Говорят бабы Про наши наряды: Еще года два годить, Потом голым всем ходить.

И закричал: «Вот он, который заставит нас ходить голым. Он хочет у всех забрать имущество в один котел. Мала куча, ребята». С этими словами он сшиб меня с ног, остальные навалились на меня и принялись тискать. Я неделю кровью плевал. А милиция квалифицирует это как обыкновенное хулиганство, и вовсе не видит классовой подоплеки».

Голова туго набита волнениями истекшего дня. Санька ложится в угол на стружки, силясь забыться. Мысли идут стадами. Вспоминаются лета со ржавой осокой и тальником — тогда думы были легкие и выветривались без следа. Маячат издали отчаянные от избытка сил драки, опустошительные набеги на чужие поля и огороды, длительные и шумливые свадьбы, и еще: начальство округи, урядник и поп.

Урядник ездил всегда в тарантасе. Мужики торопились снимать картузы и низко ему кланялись. В то время Анныча мужики называли «политикантом» и «сормовичем», а урядник был с ним в раздоре. Этот же урядник, помнит Санька, битый стоял перед мужиками, а Анныч с табурета говорил про царя и бога. Потом объявились на селе чужие. Хожено было ими и езжено, называли их бабы «оратурами», поливали их бабы словами всяческими, а мужики слушали, говоря:

— Может, и взаправду они за землю и волю.

Анныч «оратуров» тех ругал, и «оратуры» Анныча ругали. С солдатами — бывшими фронтовиками — у Анныча был лад, но солдаты ушли опять, много их ушло и совсем безвозвратно. Анныча переименовали «комитетчиком». Комитетчиками назывались тогда многие, понимающим же был один только Федор Лобанов — постоянный агитатор среди молодежи.

Санька в волнении стал перечитывать дневники Федора Лобанова.

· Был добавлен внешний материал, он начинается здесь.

Lemma parity_span_sum p I (r : seq I) (a : pred I) (F : I -> Op R M) :
  all a r -> (forall i, a i -> in_parity_span p (F i)) ->
  in_parity_span p (\sum_(i <- r) F i).
Proof.
elim: r => [|i r IH] /=; first by rewrite big_nil => _ _; apply: parity_span0.
case/andP=> ai ar hF; rewrite big_cons.
by apply: parity_spanD; [apply: hF | apply: IH].
Qed.

Lemma word_op_cat w1 w2 : word_op R (w1 ++ w2) = word_op R w1 *m word_op R w2.
Proof. by elim: w1 => [|f w1 IH] /=; rewrite ?mul1mx // IH mulmxA. Qed.

Lemma parity_span_word w : in_parity_span (odd (size w)) (word_op R w).
Proof. by exists [:: (1, w)]; rewrite /= eqxx big_seq1 scale1r. Qed.

Lemma parity_spanM p q A B :
  in_parity_span p A -> in_parity_span q B -> in_parity_span (p (+) q) (A *m B).
Proof.
move=> [s [hs ->]] [t [ht ->]].
rewrite mulmx_suml; apply: (parity_span_sum hs) => -[a v] /eqP /= <-.
rewrite mulmx_sumr; apply: (parity_span_sum ht) => -[b u] /eqP /= <-.
rewrite -scalemxAl -scalemxAr -word_op_cat -oddD -size_cat.
by do 2 apply: parity_spanZ; apply: parity_span_word.
Qed.

Definition fop_adj (f : fop M) : fop M :=
  match f with Ann i => Cre i | Cre i => Ann i end.

Lemma adj_word_op w : adj (word_op R w) = word_op R (rev (map fop_adj w)).
Proof.
elim: w => [|f w IH] /=; first exact: adj1.
rewrite adj_mul IH rev_cons -cats1 word_op_cat /= mulmx1.
by case: f => i //=; rewrite adjK.
Qed.

Lemma parity_span_adj p A : in_parity_span p A -> in_parity_span p (adj A).
Proof.
move=> [s [hs ->]]; rewrite adj_sum.
apply: (parity_span_sum hs) => -[c w] /eqP /= <-.
rewrite adjZ adj_word_op; apply: parity_spanZ.
by rewrite -(size_map fop_adj) -size_rev; apply: parity_span_word.
Qed.

End ParitySpan.

Section FockBasis.
Variables (R : realType) (M : nat).
Local Notation C := R[i].
Implicit Types (a b c : 'I_(fock_dim M)) (x y : Config M).

Lemma idxK : cancel (@idx M) (@cfg M). Proof. exact: enum_rankK. Qed.
Lemma cfgK : cancel (@cfg M) (@idx M). Proof. exact: enum_valK. Qed.

Lemma eq_cfg a y : (cfg a == y) = (a == idx y).
Proof. by apply/eqP/eqP => [<-|->]; rewrite ?cfgK ?idxK. Qed.

Definition clear_mode (i : 'I_M) x : Config M := [ffun l => (l != i) && x l].
Definition fill_mode (i : 'I_M) x : Config M := [ffun l => (l == i) || x l].

Lemma clear_fill_mode i x : ~~ x i -> clear_mode i (fill_mode i x) = x.
Proof.
move=> xi; apply/ffunP => l; rewrite !ffunE.
by case: (eqVneq l i) => [->|]; rewrite ?(negbTE xi).
Qed.

Lemma clear_modeP i x y :
  x i && (y == clear_mode i x) = ~~ y i && (x == fill_mode i y).
Proof.
apply/andP/andP => [[xi /eqP ->]|[yi /eqP ->]]; rewrite ffunE eqxx //=.
  split=> //; apply/eqP/ffunP => l; rewrite !ffunE.
  by case: (eqVneq l i) => [->|].
by split; rewrite ?clear_fill_mode.
Qed.

Lemma field_op_delta i b (c : 'I_(fock_dim M)) :
  field_op R i *m delta_mx b c =
  if cfg b i then jw_sign R (cfg b) i *: delta_mx (idx (clear_mode i (cfg b))) c
  else 0.
Proof.
apply/matrixP => a d; rewrite mulmx_delta_entry !mxE /= -/(clear_mode i (cfg b)).
case: (cfg b i); last by rewrite mxE mul0r.
by rewrite !mxE eq_cfg /=; case: (a == _); rewrite /= ?mul0r ?mulr0.
Qed.
(* The saturation axiom extends f over N_f, and N_f is all of N_S(T) because
   every F-automorphism of Q is induced by N_S(Q). *)
Lemma fus_extend_normalizer T Q f : T \subset S -> Q \subset S ->
  fully_centralized S F Q ->
  (forall a, F Q Q a -> exists2 h, h \in 'N_S(Q) & {in Q, forall x, a x = h * x * h^-1}) ->
  F T Q f -> #|Q| <= #|T| ->
  exists psi, F 'N_S(T) S psi /\ {in T, psi =1 f}.
Proof.
move=> sTS sQS fcQ AutQ Ff leQT.
have fT := fus_injhom sTS sQS Ff; have [_ _ fTQ] := fT.
have fTE : f @: T = Q := injhom_onto fT leQT.
have [h Fh fK] := fus_inverse sTS sQS Ff leQT.
have NfE : Nphi S T f = 'N_S(T).
  apply/eqP; rewrite eqEsubset; apply/andP; split; first by apply/subsetP=> g /setIdP[].
  apply/subsetP=> g Ng; rewrite inE Ng /=; have [Sg nTg] := setIP Ng.
  pose cg : {ffun gT -> gT} := [ffun x => g * x * g^-1].
  have Fcg : F T T cg.
    by apply: (fus_conj sTS sTS Sg) => x Tx; rewrite ?ffunE ?norm_conj_mem.
  have [k Nk kE] := AutQ _ (fus_comp sQS sTS sQS (fus_comp sQS sTS sTS Fh Fcg) Ff).
  apply/exists_inP; exists k; rewrite ?fTE //; apply/forall_inP=> x Tx.
  by have := kE _ (fTQ x Tx); rewrite !ffunE fK // => ->.
have FfS : F T S f := fus_restr sTS (subxx S) (subxx T) sQS Ff.
by rewrite -NfE; apply: satII; rewrite ?fTE.
Qed.

Lemma Fconj_fully_normalized P : P \subset S ->
  exists Q : {group gT}, [/\ Q \subset S, Fconj F P Q & fully_normalized S F Q].
Proof.
move=> sPS; suff: forall Q0 : {group gT}, Q0 \subset S -> Fconj F P Q0 ->
    exists Q : {group gT}, [/\ Q \subset S, Fconj F P Q & fully_normalized S F Q].
  by apply; last by exists idf; apply: Fiso_id.
move=> Q0; have [n] := ubnP (#|S| - #|'N_S(Q0)|); elim: n Q0 => // n IHn Q0 lt_n sQ0S PQ0.
have [fnQ0 | nfnQ0] := classic (fully_normalized S F Q0); first by exists Q0.
have [Q1 [sQ1S Q0Q1 ltN]] : exists Q1 : {group gT},
    [/\ Q1 \subset S, Fconj F Q0 Q1 & #|'N_S(Q0)| < #|'N_S(Q1)|].
  apply: NNPP => noQ1; apply: nfnQ0 => Q1 sQ1S Q0Q1; rewrite leqNgt.
  by apply/negP => ltN; apply: noQ1; exists Q1.
apply: (IHn Q1) => //; last exact: Fconj_trans PQ0 Q0Q1.
rewrite -ltnS (leq_trans _ lt_n) // ltnS ltn_sub2l // (leq_trans ltN) //.
by rewrite subset_leq_card ?subsetIl.
Qed.

Lemma S_conj_to_fully_normalized P Q f : S_conj_above #|P| -> P \proper S ->
  Q \subset S -> fully_normalized S F Q -> F P Q f -> #|Q| <= #|P| -> S_conj P f.
Proof.
move=> IH ltPS sQS fnQ Ff leQP; have sPS := proper_sub ltPS.
have eqPQ : #|P| = #|Q|.
  by apply/eqP; rewrite eqn_leq leQP (injhom_leq_card (fus_injhom sPS sQS Ff)).
have [fcQ _] := satI sQS fnQ.
have IHQ : S_conj_above #|Q| by rewrite -eqPQ.
have AutQ a := @AutF_fully_normalized_conj Q a IHQ sQS fnQ.
have [psi [Fpsi psiE]] := fus_extend_normalizer sPS sQS fcQ AutQ Ff leQP.
have ltPN : #|P| < #|'N_S(P)|.
  by apply/proper_card/nilpotent_proper_norm => //; apply: pgroup_nil pS.
have [g Sg gE] := IH _ (subsetIl _ _) ltPN _ Fpsi.
by exists g => // x Px; rewrite -psiE // gE // inE (subsetP sPS) ?(subsetP (normG P)).
Qed.

(* Route f through a fully normalized F-conjugate Q of P: both P -> Q and
   f(P) -> P -> Q are S-conjugations, hence so is f. *)
Lemma S_conj_step P f : S_conj_above #|P| -> P \subset S -> F P S f -> S_conj P f.
Proof.
move=> IH sPS Ff; have [Q [sQS [chi chiP] fnQ]] := Fconj_fully_normalized sPS.
have eqPQ := Fiso_card sPS sQS chiP; have [Fchi _] := chiP.
have IHQ : S_conj_above #|Q| by rewrite -eqPQ.
have [ltPS | ] := boolP (P \proper S); last first.
  rewrite properEcard sPS -leqNgt /= => leSP.
  have eqPS : P :=: S by apply/eqP; rewrite eqEcard sPS.
  have eqQS : Q :=: S by apply/eqP; rewrite eqEcard sQS -eqPQ.
  have FQ : F Q Q f by rewrite eqQS -{1}eqPS.
  have [h /setIP[Sh _] hE] := AutF_fully_normalized_conj IHQ sQS fnQ FQ.
  by exists h => // x Px; apply: hE; rewrite eqQS -eqPS.
have [T [psi [sTS [Fpsi [psi' [Fpsi' psiK psi'K]]] fE]]] := fus_factor sPS (subxx S) Ff.
have eqPT := Fiso_card sPS sTS (conj Fpsi (ex_intro _ psi' (And3 Fpsi' psiK psi'K))).
have ltTS : T \proper S.
  by rewrite properEcard sTS -eqPT; rewrite properEcard in ltPS; case/andP: ltPS.
have IHT : S_conj_above #|T| by rewrite -eqPT.
have [a Sa aE] := S_conj_to_fully_normalized IH ltPS sQS fnQ Fchi (eq_leq (esym eqPQ)).
have [b Sb bE] := S_conj_to_fully_normalized IHT ltTS sQS fnQ
  (fus_comp sTS sPS sQS Fpsi' Fchi) (eq_leq (etrans (esym eqPQ) eqPT)).
exists (b^-1 * a); first by rewrite groupM ?groupV.
move=> x Px; have [_ _ psiPT] := fus_injhom sPS sTS Fpsi.
have ab : a * x * a^-1 = b * psi x * b^-1 by rewrite -aE // -bE ?psiPT // !ffunE psiK.
have -> : b^-1 * a * x * (b^-1 * a)^-1 = b^-1 * (a * x * a^-1) * b.
  by rewrite invMg invgK !mulgA.
by rewrite ab fE // !mulgA mulVg mul1g mulgKV.
Qed.

Lemma S_conj_all P f : P \subset S -> F P S f -> S_conj P f.
Proof.
have [n] := ubnP (#|S| - #|P|); elim: n P f => // n IHn P f lt_n sPS.
apply: S_conj_step => // R sRS ltPR g Fg; apply: IHn Fg => //.
rewrite -ltnS (leq_trans _ lt_n) // ltnS ltn_sub2l //.
by rewrite (leq_trans ltPR) ?subset_leq_card.
Qed.

Lemma Cp_fixed_nilpotent_fs : nilpotent_fs S F.
Proof.
move=> P Q f sPS sQS; apply/idP/idP => [Ff | ]; last exact: fus_homS.
have [g Sg gE] := S_conj_all sPS (fus_restr sPS (subxx S) (subxx P) sQS Ff).
have [_ _ fPQ] := fus_injhom sPS sQS Ff.
by apply: (homS_conj Sg gE) => x Px; rewrite -gE ?fPQ.
Qed.

End FusionSystem.

Theorem corollary7p6 (gT : finGroupType) (p : nat) (S : {group gT}) (F : fsys gT)
  (L : linking_system S F) :
  prime p -> p.-group S -> saturated p S F ->
  ((forall x, x \in S -> Cp_elt p x -> in_center S F x) -> nilpotent_fs S F) /\
  (((odd p /\ forall x, x \in Omega p 1 S -> in_center S F x) \/
    (p = 2 /\ forall x, x \in Omega p 2 S -> in_center S F x)) -> nilpotent_fs S F).
Proof.
move=> pr_p pS [fusF [satI satII]].
have nilF : (forall x, x \in S -> Cp_elt p x -> in_center S F x) -> nilpotent_fs S F.
  move=> CpZ; apply: (Cp_fixed_nilpotent_fs fusF pr_p pS satI satII).
  move=> Q f x sQS cQ Ff Qx Cpx; have [_ fix_x] := CpZ x (subsetP sQS x Qx) Cpx.
  exact: (fix_x _ _ _ sQS sQS cQ cQ Ff).
split=> // OmegaZ; apply: nilF => x Sx Cpx.
case: OmegaZ => [[odd_p OZ] | [p2 OZ]]; apply/OZ/mem_gen; rewrite inE Sx /=.
  by move: Cpx; rewrite /Cp_elt ifN ?expn1 //; apply: contraL odd_p => /eqP->.
by move: Cpx; rewrite /Cp_elt p2.
Qed.
(* Let $h>0$ and let $\gamma=(\gamma^\tau,\gamma^\omega):[0,1]\to\mathbb{R}^{1+d}$ satisfy the Brownian-like scaling assumption described in the context. Then for every multi-index $\alpha\in\mathcal{A}$, $$\mathbb{E}\big[\|I^\gamma_\alpha(1)\|^2\big]=O\big(h^{2\,\mathrm{ord}(\alpha)}\big).$$
   Context: Brownian-like scaling assumption: $\gamma$ depends on the step size $h>0$; it is a continuous piecewise linear path with a fixed number $m\in\mathbb{N}$ of linear pieces, vertices $0=r_0<\dots<r_m=1$, and almost surely finite length; writing $\gamma_{r_i,r_{i+1}}=\gamma(r_{i+1})-\gamma(r_i)$, (1) the increments $\gamma^\tau_{r_i,r_{i+1}}$ are deterministic; (2) $\gamma^\tau_{r_i,r_{i+1}}=O(h)$ and for every $j\in\{1,\dots,d\}$ and $k\in\mathbb{N}$, $\mathbb{E}[|(\gamma^\omega_{r_i,r_{i+1}})_j|^{2k}]=O(h^k)$. $O(h^q)$ means bounded by a constant independent of $h$ times $h^q$ for all sufficiently small $h$. Multi-indices: $\mathcal{A}=\bigcup_{n\ge0}\{\tau,\omega\}^n$; for $\alpha=(\alpha_1,\dots,\alpha_n)$, $|\alpha|_\tau$ and $|\alpha|_\omega$ are the numbers of entries equal to $\tau$ and $\omega$, and $\mathrm{ord}(\alpha)=|\alpha|_\tau+\tfrac12|\alpha|_\omega$. The iterated integral $I^\gamma_\alpha(1)\in(\mathbb{R}^d)^{\otimes|\alpha|_\omega}$ is $$I^\gamma_\alpha(1)=\int_0^1\int_0^{r_1}\cdots\int_0^{r_{n-1}} d\gamma^{\alpha_1}(r_n)\,d\gamma^{\alpha_2}(r_{n-1})\cdots d\gamma^{\alpha_n}(r_1),$$ where a $\tau$-entry contributes the scalar differential $d\gamma^\tau$ and an $\omega$-entry contributes a tensor factor $d\gamma^\omega\in\mathbb{R}^d$ (the tensor factors taken in the order of the entries); integrals are Riemann–Stieltjes; $I^\gamma_{\emptyset}(1)=1$. *)

From HB Require Import structures.
From mathcomp Require Import all_boot all_order all_algebra.
From mathcomp Require Import all_classical all_reals all_analysis.
Set Implicit Arguments.
Unset Strict Implicit.
Unset Printing Implicit Defensive.
Import Order.TTheory GRing.Theory Num.Theory.
Import numFieldNormedType.Exports.
Local Open Scope classical_set_scope.
Local Open Scope ring_scope.

(* Letters of multi-indices: tau (time/drift) and omega (noise). *)
Inductive letter := tau | omega.

Definition is_tau (a : letter) : bool := if a is tau then true else false.
Definition is_omega (a : letter) : bool := if a is omega then true else false.

Definition ntau (al : seq letter) : nat := count is_tau al.
Definition nomega (al : seq letter) : nat := count is_omega al.

(* 2 * ord(alpha) = 2 |alpha|_tau + |alpha|_omega  (a natural number) *)
Definition two_ord (al : seq letter) : nat := 2 * ntau al + nomega al.

Section PL.
Variable R : realType.

Definition vertices (m : nat) (r : nat -> R) : Prop :=
  r 0%N = 0 /\ r m = 1 /\ (forall i, (i < m)%N -> r i < r i.+1).

Definition linear_on_pieces (m : nat) (r : nat -> R) (x : R -> R) : Prop :=
  forall i, (i < m)%N -> forall s, r i <= s <= r i.+1 ->
    x s = x (r i) + (s - r i) / (r i.+1 - r i) * (x (r i.+1) - x (r i)).

Definition pl_slope (m : nat) (r : nat -> R) (x : R -> R) (s : R) : R :=
  \sum_(i < m) (if (r i <= s) && (s < r i.+1)
                then (x (r i.+1) - x (r i)) / (r i.+1 - r i) else 0).

(* Riemann--Stieltjes integral int_0^t f(s) dx(s) for a piecewise linear
   integrator x (dx(s) = x'(s) ds on each piece). *)
Definition rs_int (m : nat) (r : nat -> R) (x : R -> R) (f : R -> R) (t : R) : R :=
  \int[lebesgue_measure]_(s in `[0, t]) (f s * pl_slope m r x s).

Definition chan (d : nat) (gt : R -> R) (gw : R -> 'rV[R]_d)
    (c : option 'I_d) : R -> R :=
  match c with None => gt | Some j => fun s => gw s ord0 j end.

(* scalar iterated integral, channels listed in reverse order:
   iint_rev (c :: cs) t = int_0^t iint_rev cs (s) dx_c(s) *)
Fixpoint iint_rev (d m : nat) (r : nat -> R) (gt : R -> R) (gw : R -> 'rV[R]_d)
    (cs : seq (option 'I_d)) (t : R) : R :=
  match cs with
  | [::] => 1
  | c :: cs' => rs_int m r (chan gt gw c) (iint_rev m r gt gw cs') t
  end.

(* iint [c_1;...;c_n] t = int_0^t int_0^{r_1} ... dx_{c_1}(r_n) ... dx_{c_n}(r_1) *)
Definition iint (d m : nat) (r : nat -> R) (gt : R -> R) (gw : R -> 'rV[R]_d)
    (cs : seq (option 'I_d)) (t : R) : R :=
  iint_rev m r gt gw (rev cs) t.
End PL.

Fixpoint fill (d : nat) (al : seq letter) (w : seq 'I_d) : seq (option 'I_d) :=
  match al with
  | [::] => [::]
  | tau :: al' => None :: fill al' w
  | omega :: al' =>
      match w with
      | j :: w' => Some j :: fill al' w'
      | [::] => None :: fill al' [::] (* never used: w has length |al|_omega *)
      end
  end.

(* || I^gamma_alpha(1) ||^2 : squared Euclidean (Hilbert--Schmidt) norm of the
   tensor in (R^d)^{(x) |alpha|_omega}; its component at the coordinate word w
   is the scalar iterated integral with d gamma^omega replaced by
   d gamma^omega_{w_k} in the k-th omega slot. *)
Definition sig_norm2 (R : realType) (d m : nat) (r : nat -> R)
    (gt : R -> R) (gw : R -> 'rV[R]_d) (al : seq letter) : R :=
  \sum_(w : (nomega al).-tuple 'I_d) (iint m r gt gw (fill al w) 1) ^+ 2.

(* Along a piecewise linear integrator, the Riemann-Stieltjes integral of a
   function bounded by B is at most B times the variation of the integrator
   over the vertices; so every scalar component of I^gamma_alpha(1) is at most
   the product, over the letters of alpha, of the variations of the
   corresponding channels.  A tau-letter contributes O(h) surely, an
   omega-letter at most S, the sum over pieces and coordinates of the
   |omega-increments|.  Hence ||I^gamma_alpha(1)||^2 <= C h^(2|alpha|_tau)
   S^(2|alpha|_omega), and by the power-mean inequality E[S^(2k)] is at most a
   constant times the sum of the moments E|omega-increment|^(2k) = O(h^k).
   Only finitely many O-constants occur, so they can be made uniform. *)

From HB Require Import structures.
From mathcomp Require Import all_boot all_order all_algebra.
From mathcomp Require Import all_classical all_reals all_analysis.
From mathcomp Require Import lra ring measurable_realfun.
Set Implicit Arguments.
Unset Strict Implicit.
Unset Printing Implicit Defensive.
Import Order.TTheory GRing.Theory Num.Theory.
Import numFieldNormedType.Exports.
Local Open Scope ring_scope.

Section integral_bounds.
Context d (T : measurableType d) (R : realType) (mu : {measure set T -> \bar R}).
Local Open Scope ereal_scope.

(* The iterated integrands are not known to be measurable, so monotonicity is
   taken directly from the supremum definition of the integral. *)
Lemma ge0_le_integralT (f g : T -> \bar R) :
  (forall x, 0 <= f x) -> (forall x, f x <= g x) ->
  \int[mu]_x f x <= \int[mu]_x g x.
Proof.
move=> f0 fg; have g0 x : 0 <= g x by exact: le_trans (f0 x) (fg x).
rewrite (ge0_integralTE mu f0) (ge0_integralTE mu g0).
apply: ereal_sup_le => _ [h /= hf <-]; exists h => //= x.
exact: le_trans (hf x) (fg x).
Qed.

Lemma normr_Rintegral_le (D : set T) (f : T -> R) (G : T -> \bar R) (M : R) :
  (forall x, D x -> (`|f x|)%:E <= G x) -> (forall x, 0 <= G x) ->
  \int[mu]_x G x <= M%:E -> (`|\int[mu]_(x in D) f x| <= M)%R.
Proof.
move=> fG G0 GM.
have part_le (k : T -> \bar R) : (forall x, 0 <= k x) ->
    (forall x, D x -> k x <= (`|f x|)%:E) ->
    0 <= \int[mu]_(x in D) k x <= M%:E.
  move=> k0 kf; rewrite integral_ge0 //= integral_mkcond.
  apply: le_trans GM; apply: ge0_le_integralT => x; rewrite /patch.
    by case: ifP.
  case: ifP => [/set_mem Dx|_]; last exact: G0.
  exact: le_trans (kf x Dx) (fG x Dx).
have /andP[p0 pM] : 0 <= \int[mu]_(x in D) ((EFin \o f)^\+ x) <= M%:E.
  apply: part_le => [x|x _]; first exact: funepos_ge0.
  by rewrite funeposE -EFin_max lee_fin ge_max normr_ge0 ler_norm.
have /andP[n0 nM] : 0 <= \int[mu]_(x in D) ((EFin \o f)^\- x) <= M%:E.
  apply: part_le => [x|x _]; first exact: funeneg_ge0.
  by rewrite funenegE -EFinN -EFin_max lee_fin ge_max normr_ge0 -normrN ler_norm.
rewrite /Rintegral integralE; move: p0 pM n0 nM.
case: (\int[mu]_(x in D) _) => [a| |] //; case: (\int[mu]_(x in D) _) => [b| |] //.
rewrite !lee_fin /= => a0 aM b0 bM; rewrite ler_norml; lra.
Qed.

End integral_bounds.

Lemma exprn_sum_le (R : realDomainType) (I : finType) (a : I -> R) n :
  (0 < n)%N -> (forall i, 0 <= a i) ->
  (\sum_i a i) ^+ n <= #|I|%:R ^+ n * \sum_i a i ^+ n.
Proof.
move=> n_gt0 a0; have [j _|I0] := pickP (@predT I); last first.
  by rewrite !big_pred0 // expr0n gtn_eqF // mulr0.
case: (@arg_maxP _ R I j xpredT a isT) => k _ max_k.
have a_le : \sum_i a i <= #|I|%:R * a k.
  by rewrite mulr_natl -sumr_const; apply: ler_sum => i _; exact: max_k.
apply: le_trans (lerXn2r _ _ _ a_le) _; rewrite ?nnegrE ?sumr_ge0 //.
  by rewrite mulr_ge0.
rewrite exprMn ler_wpM2l ?exprn_ge0 // (bigD1 k) //= lerDl.
by apply: sumr_ge0 => i _; exact: exprn_ge0.
Qed.

Lemma finite_uniform_bounds (R : realDomainType) (I : finType) (Q : I -> R -> R -> Prop) :
  (forall i, exists C h0, 0 < h0 /\ forall h, 0 < h -> h < h0 -> Q i C h) ->
  exists C : I -> R, exists h0, 0 < h0 /\
    forall i h, 0 < h -> h < h0 -> Q i (C i) h.
Proof.
move=> bounds.
have /fin_all_exists[C /fin_all_exists[h0 h0P]] : forall i, exists C h0,
    0 < h0 /\ forall h, 0 < h -> h < h0 -> Q i C h by [].
exists C, (\big[Num.min/1]_i h0 i); split.
  by apply/bigmin_gtP; split => // i _; exact: (h0P i).1.
move=> i h h_gt0 lt_h; apply: (h0P i).2 => //.
by apply: lt_le_trans lt_h _; exact: bigmin_le.
Qed.

Section expectation_bounds.
Context d (T : measurableType d) (R : realType) (P : probability T R).
Local Open Scope ereal_scope.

«...Не так давно кулаки грозили мне отомстить за разоблачительную работу, и вскоре после этого хулиган на гулянье набросился на меня с ножом. Он поранил мне руку и когда давал на суде показания, то признался, что сделал это за три рюмки очищенного. Работаю днем и ночью. Вчера проводил собранье молодежи и бедноты, сейчас еду пахать, а вечером буду читать. Я познал радость печатной буквы».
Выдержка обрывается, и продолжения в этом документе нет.